ShinkaEvolve aims to be a co-pilot tool for scientists and engineers, accelerating AI and algorithmic research substantially.
Also:
🔥 Qwen3 Omni models released - Alibaba released Qwen3 Omni and Qwen3 Omni Realtime, two natively end-to-end “omni”-modal models processing text, images, audio, and video in a single unified architecture. Artificial Analysis benchmarking showed competitive Speech-to-Speech performance.
📑 ModernVBERT visual document retriever - New 250M parameter vision-language model achieved state-of-the-art performance for its size on the ViDoRe benchmark for visual document retrieval.
📄 Best input data format for LLMs benchmarked - Study compared 11 data formats (markdown tables, JSON, CSV, YAML, XML, etc.) to determine which LLMs understand best. XML emerged as the preferred format, though with only 60% success rate for the best one.

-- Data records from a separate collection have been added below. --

(* S = (L, prec): L a language over a finite alphabet, prec a (strict) total
   order on L of type omega; rep n is the n-th word of L, i.e. rep is an
   order isomorphism from (nat, <) onto (L, prec). *)
Record ANS := MkANS {
  ans_alph : finType;
  ans_lang : seq ans_alph -> Prop;
  ans_ord : seq ans_alph -> seq ans_alph -> Prop;
  ans_rep : nat -> seq ans_alph;
  ans_rep_lang : forall n, ans_lang (ans_rep n);
  ans_rep_onto : forall w, ans_lang w -> exists n, ans_rep n = w;
  ans_rep_ord : forall m n, ans_ord (ans_rep m) (ans_rep n) <-> m < n }.

(* representation of a d-tuple s (a seq nat of size d): left-pad every
   component rep (s_i) with the new symbol # (= None) up to the maximal
   length, and read the tuple of words as a word over (Sigma u {#})^d. *)
Definition rep_tuple (S : ANS) (d : nat) (s : seq nat)
  : seq {ffun 'I_d -> option (ans_alph S)} :=
  let ws := fun i : 'I_d => ans_rep S (nth 0 s i) in
  let m := \max_(i < d) size (ws i) in
  let padded := fun i : 'I_d =>
    nseq (m - size (ws i)) None ++ map Some (ws i) in
  mkseq (fun j => [ffun i => nth None (padded i) j]) m.

Definition recognizable (S : ANS) (d : nat) (Z : seq nat -> Prop) : Prop :=
  regular (fun w => exists s, [/\ Z s, size s = d & w = rep_tuple S d s]).

Definition addable (S : ANS) : Prop :=
  recognizable S 3 (fun s => exists x y, s = [:: x; y; x + y]).

Definition sum_le (y : nat -> nat) (k : nat) : Prop :=
  forall n, \sum_(i < n) y i <= k.

(* nu_rel y s : s is nu(y), the nondecreasing tuple with y_j = #{k : s_k = j} *)
Definition nu_rel (y : nat -> nat) (s : seq nat) : Prop :=
  sorted leq s /\ forall j, count_mem j s = y j.

Definition weakly_codable (S : ANS) (Z : (nat -> nat) -> Prop) : Prop :=
  forall k d, recognizable S d
    (fun s => exists y, [/\ Z y, sum_le y k & nu_rel y s]).

Definition codable (S : ANS) (Z : (nat -> nat) -> Prop) : Prop :=
  weakly_codable S Z /\ exists d, forall y, Z y -> sum_le y d.

(* subshift over a finite subset A of N: values in A, shift-invariant,
   and closed in the product topology. *)
Definition subshift (Y : (nat -> nat) -> Prop) : Prop :=
  exists A : seq nat,
  [/\ forall y, Y y -> forall i, y i \in A,
      forall y, Y y -> Y (fun i => y i.+1)
    & forall x, (forall n, exists y, Y y /\ forall i, i < n -> x i = y i) -> Y x].

Definition hered_closure (Y : (nat -> nat) -> Prop) : (nat -> nat) -> Prop :=
  fun x => exists y, Y y /\ forall i, x i <= y i.

From mathcomp Require Import all_boot zify.
From Stdlib Require Import Classical ClassicalEpsilon.

(* Let D bound the sums of the elements of Y.  If x <= y pointwise with y in Y
   and s = nu(x), t = nu(y), then s is a subsequence of t, i.e. s = mask m t
   for a bit sequence m of length |t| <= D; conversely every mask of nu(y) is
   nu(x) for some x <= y.  Hence the d-dimensional codes of tilde-Y form a
   finite union, over e <= D and m of length e, of the images of the
   e-dimensional codes of Y under t |-> mask m t.  Each such image is
   S-recognizable: on representations, selecting coordinates is a
   letter-to-letter morphism on columns followed by the removal of the
   leading all-# columns, and both operations preserve regularity. *)

Set Implicit Arguments. Unset Strict Implicit. Unset Printing Implicit Defensive.

(* Classically, every predicate on a finite type is the membership predicate
   of a finite set; this lets automata be described by Prop-valued data. *)
Definition set_of (T : finType) (P : T -> Prop) : {set T} :=
  [set x | is_left (excluded_middle_informative (P x))].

🔬 LoRA without regret - New research from Thinking Machines Lab demonstrated that LoRA can match full training performance more broadly than expected, challenging assumptions about parameter-efficient fine-tuning. 📰 Analysis
🇮🇹 Italian LLM startup Domyn eyes €1bn fundraise - Milan-based company, previously known as iGenius, is targeting LLMs for defense and AI gigafactory builds, seeking significant funding over the next six months.
MLOps
GGUF metadata editing on Hugging Face - Long-awaited feature launched allowing users to edit GGUF metadata directly from Hugging Face without downloading models locally. Announcement (🙏 Xuan-Son Nguyen @ Hugging Face)
Programming
⚖️ BigCodeArena for judging code generations - Hugging Face launched platform allowing side-by-side comparison of code generation models with actual execution and testing. Users submit coding tasks, watch models generate solutions, execute both programs, and vote on results. Organized into community leaderboard. (🙏 Kevin Kuipers)
Robotic
🤖 Figure 03 humanoid robot introduced - Figure unveiled their latest humanoid robot generation. (🙏 Fabien Niel)
🙌 New Members
🇫🇷 Nikolay Tchakarov (Asteria) - CTO at Asteria, a B2B SaaS biomimicry platform. Previously spent 12 years in London using ML to predict financial markets before pivoting to data and AI engineering. Can write and draw with both hands 🙌.
🇫🇷 Clement Nguyen (Lemrock) - Co-founder & CTO at Lemrock. Full-stack SWE with strong AI background. YC S24 alumnus. Nearly pursued a PhD in audio processing and can cook Vietnamese pho 🍜.
🇫🇷 Sasha Collin (Lemrock) - Co-founder & CPO at Lemrock, building AI agents for media & ecommerce. Data Scientist with research background in AI applied to healthcare. YC S24 alumnus. Can make his co-founder cook Vietnamese pho anytime.